Back in the day, when I used to save money all year long so that I could ship myself off to camp for a couple weeks during the summer, I loved me some archery.
Except, I wasn't all that good at it.
Especially when I took the time to aim.
Ehh. It happens.
Then, a couple of years ago, I tried to take up golf. My golf game is much like my archery game, except I was much more fashionably dressed for my one and only official tee time.
And all of this has to do with my new dryer. I promise.
I've always admired those people who could strategically charm their way into deals and discounts, but I just never could master the art.
Until Sunday. When my dryer broke. Right at the exact moment that I had finally psyched myself up to wash all twenty-five loads that had begun crowding me out of my bedroom.
Not really, I only had two to do. But still.
So I was a damsel in distress, but I wasn't acting, when I sulked into my local appliance supplier and then sulked some more when I realized that a new gas dryer costs just about twice the amount as the new tires I've been praying to save up for before December.

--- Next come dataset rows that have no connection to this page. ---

Lemma state_conj_A2 g c : A2 c -> phi (cs_star (u g) * c * u g) = phi c.
Proof.
move=> A2c; have [uVu _] := Hu_unit g.
rewrite [in LHS](centeringE phi c) (mulrDr _ _ (centering phi c)).
rewrite (mulrDl _ _ (u g)) -scalerAr -scalerAl mulr1 uVu.
rewrite stateD // stateZ // state1 // mulr1 -(word_prod1 false (centering phi c)).
rewrite (state_bracketed Hphi HA1 Hfree) ?addr0 //.
- apply: bracketed1; first exact: csubalg_centering.
  exact: state_centering.
- exact: csubalg_star.
Qed.

Definition conj_family (i : option G) : A -> Prop :=
  if i is Some g then fun x => exists2 c, A2 c & x = cs_star (u g) * c * u g else B.

Section AlternatingProduct.
Variables (n : nat) (idx : nat -> option G) (a : nat -> A).
Hypothesis Hletters : forall j, (j < n)%N -> conj_family (idx j) (a j) /\ phi (a j) = 0.
Hypothesis Halt : forall j, (j.+1 < n)%N -> idx j <> idx j.+1.

Lemma conj_letter j g : (j < n)%N -> idx j = Some g ->
  exists2 c, A2 c /\ phi c = 0 & a j = cs_star (u g) * c * u g.
Proof.
move=> hj E; have [] := Hletters hj; rewrite E => -[c A2c ->].
by rewrite state_conj_A2 // => phic; exists c.
Qed.

Lemma B_letter j : (j < n)%N -> idx j = None -> B (a j) /\ phi (a j) = 0.
Proof. by move=> hj E; have := Hletters hj; rewrite E. Qed.

Definition tail_ok k (y : A) : Prop := exists h b,
  [/\ B b, y = u h * b & if idx k is Some g then g = h /\ b = 1 else phi b = 0].

Lemma tail_ok_A1 k y : tail_ok k y -> A1 y.
Proof. by move=> [h [b [Bb -> _]]]; apply: csubalgM => //; apply: HBA1. Qed.

Lemma tail_ok_state k y h : tail_ok k y -> Some h <> idx k ->
  phi (y * cs_star (u h)) = 0.
Proof.
move=> [h0 [b [Bb -> cond]]] hk; apply: state_u_B_u_star => //.
case: (idx k) hk cond => [g hk [<- _] | _ phib]; last by right.
by left=> gh; apply: hk; rewrite gh.
Qed.

Definition prefix k : A := \prod_(j < k.+1) a j.

(* [prefix k] regrouped over the free pair (A1, A2) as [x * w * y]; the tail
   [y = u_h b] is what remains of the last letters and gets merged into the next
   A1-letter.  The first alternative is a prefix made of a single letter of B. *)
Definition prefix_form k : Prop := exists2 y, tail_ok k y &
  (idx k = None /\ prefix k = y) \/
  exists x w, [/\ A1 x, bracketed phi A1 A2 w & prefix k = x * word_prod w * y].

Lemma prefix_form0 : (0 < n)%N -> prefix_form 0.
Proof.
move=> n0; rewrite /prefix_form /prefix big_ord1.
case E: (idx 0) => [g|].
- have [c [A2c phic] ->] := conj_letter n0 E.
  exists (u g); first by exists g, 1; rewrite E mulr1; split=> //; apply: csubalg1.
  right; exists (cs_star (u g)), [:: (false, c)]; split.
  + exact: csubalg_star.
  + exact: bracketed1.
  + by rewrite word_prod1.
- have [Ba0 phia0] := B_letter n0 E.
  by exists (a 0); [exists e, (a 0); rewrite Hu_e mul1r E | left].
Qed.

Lemma prefixS k : prefix k.+1 = prefix k * a k.+1.
Proof. by rewrite /prefix big_ord_recr. Qed.

Lemma prefix_form_conj k h : (k.+1 < n)%N -> idx k.+1 = Some h ->
  prefix_form k -> prefix_form k.+1.
Proof.
move=> hk E [y Ty form].
have [c [A2c phic] Ea] := conj_letter hk E.
have hne : Some h <> idx k by rewrite -E => /esym; apply: Halt.
have phiz := tail_ok_state Ty hne.
have A1z : A1 (y * cs_star (u h)).
  by apply: csubalgM => //; [apply: tail_ok_A1 Ty | apply: csubalg_star].
exists (u h); first by exists h, 1; rewrite E mulr1; split=> //; apply: csubalg1.
right; rewrite prefixS Ea.
case: form => [[_ ->] | [x [w [A1x bw ->]]]].
- exists (y * cs_star (u h)), [:: (false, c)]; split=> //; first exact: bracketed1.
  by rewrite word_prod1 !mulrA.
- exists x, (rcons (rcons w (true, y * cs_star (u h))) (false, c)); split=> //.
  + exact: bracketed_rcons.
  + by rewrite !word_prod_rcons !mulrA.
Qed.

Lemma prefix_form_B k : (k.+1 < n)%N -> idx k.+1 = None ->
  prefix_form k -> prefix_form k.+1.
Proof.
move=> hk E [y [h [b [Bb -> cond]]] form].
have [Bak phiak] := B_letter hk E.
case E0: (idx k) cond form => [g|] cond form; last by case: (Halt hk); rewrite E0 E.
case: cond form => <- -> form; rewrite mulr1 in form.
exists (u g * a k.+1); first by exists g, (a k.+1); rewrite E.
case: form => [[//] | [x [w [A1x bw Ep]]]].
by right; exists x, w; rewrite prefixS Ep -mulrA.
Qed.

Lemma prefix_form_all k : (k < n)%N -> prefix_form k.
Proof.
elim: k => [|k IH] hk; first exact: prefix_form0.
have IHk := IH (ltnW hk).
by case E: (idx k.+1) => [h|]; [apply: prefix_form_conj E _ | apply: prefix_form_B E _].
Qed.

Lemma state_alternating_prod : (0 < n)%N -> phi (\prod_(j < n) a j) = 0.
Proof.
move=> n0; have [|y Ty form] := @prefix_form_all n.-1; first by rewrite prednK.
have -> : \prod_(j < n) a j = prefix n.-1 by rewrite /prefix; case: n n0.
case: form => [[E ->] | [x [w [A1x bw ->]]]].
- by have := tail_ok_state (h := e) Ty; rewrite E Hu_e cs_star1 mulr1; apply.
- by apply: (state_bracketed Hphi HA1 Hfree) => //; apply: tail_ok_A1 Ty.
Qed.

End AlternatingProduct.

Lemma free_family_conj : free_family phi conj_family.
Proof. by move=> n idx a n0 Hletters Halt; apply: state_alternating_prod Hletters Halt n0. Qed.

End CrossedProduct.

Theorem mainTheorem2
  (R : realType)
  (* infinite discrete group *)
  (G : Type) (gmul : G -> G -> G) (ginv : G -> G) (e : G)
  (HG : group_law gmul ginv e) (Hinf : infinite_type G)
  (* the ambient reduced free product A with state phi *)
  (A : cstar_alg R) (phi : A -> R[i])
  (* B, its action alpha, the implementing unitaries u, A1 = B >< G, A2 *)
  (B A1 A2 : A -> Prop) (alpha : G -> A -> A) (u : G -> A)
  (* B is a unital C*-algebra, alpha an action of G by *-automorphisms of B *)
  (HB : is_csubalg B)
  (Halpha_hom : forall g, [/\ alpha g 1 = 1,
       forall x y, B x -> B y -> alpha g (x + y) = alpha g x + alpha g y,
       forall (c : R[i]) x, B x -> alpha g (c *: x) = c *: alpha g x,
       forall x y, B x -> B y -> alpha g (x * y) = alpha g x * alpha g y &
       forall x, B x -> alpha g (cs_star x) = cs_star (alpha g x)])
  (Halpha_bij : forall g, (forall x, B x -> B (alpha g x)) /\
       (forall y, B y -> exists2 x, B x & alpha g x = y))
  (Halpha_act : forall x, B x -> alpha e x = x)
  (Halpha_mul : forall g h x, B x -> alpha (gmul g h) x = alpha g (alpha h x))
  (* A1 = B >< _{alpha,r} G, with implementing unitaries u_g *)
  (Hu_unit : forall g, cs_unitary (u g))
  (Hu_e : u e = 1)
  (Hu_mul : forall g h, u (gmul g h) = u g * u h)
  (Hu_cov : forall g x, B x -> u g * x * cs_star (u g) = alpha g x)
  (HA1 : cgenerated A1 (fun x => B x \/ exists g, x = u g))
  (* phi_1 := phi on A1: a faithful alpha-invariant state on B, extended by
     vanishing on B u_g (g <> e), whose GNS representation is faithful on A1
     (this characterises A1 as the reduced crossed product) *)
  (Hphi1_faith : faithful_on phi B)
  (Hphi1_inv : forall g x, B x -> phi (alpha g x) = phi x)
  (Hphi1_ext : forall g x, B x -> g <> e -> phi (x * u g) = 0)
  (HA1_red : GNS_faithful_on phi A1)
  (* A2 a unital C*-algebra with faithful state phi_2 := phi on A2 *)
  (HA2 : is_csubalg A2)
  (Hphi2_faith : faithful_on phi A2)
  (* (A, phi) = (A1, phi_1) * (A2, phi_2), the reduced free product *)
  (Hphi : is_state phi)
  (HA_gen : cgenerated (fun _ => True) (fun x => A1 x \/ A2 x))
  (HA_red : GNS_faithful_on phi (fun _ => True))
  (HA_free : free_family phi (fun b : bool => if b then A1 else A2)) :
  free_family phi
    (fun i : option G => match i with
       | None => B
       | Some g => fun x => exists2 a, A2 a & x = cs_star (u g) * a * u g
       end).

Proof.
have [A1_csub A1_gens _] := HA1.
apply: (free_family_conj HG Hu_unit Hu_e Hu_mul Hu_cov _ Hphi1_inv Hphi1_ext
          Hphi HB A1_csub HA2 _ _ HA_free).
- by move=> g; case: (Halpha_bij g).
- by move=> x Bx; apply: A1_gens; left.
- by move=> g; apply: A1_gens; right; exists g.
Qed.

Sigh.
I'm not sure if it was the sulking sob story, the compassion-filled eulogy of my trusty old convenience, or the animated manner in which I attempted to cope with this last straw that had been added to the camel's back, but the salesman magically adjusted the price of my new dryer to roughly the equivalent of new tires.
Apparently, my charm works quite a bit like the astute way I'm able to maneuver a bow and arrow or golf club.
Which is great, because air-drying my underwear and socks is just weird.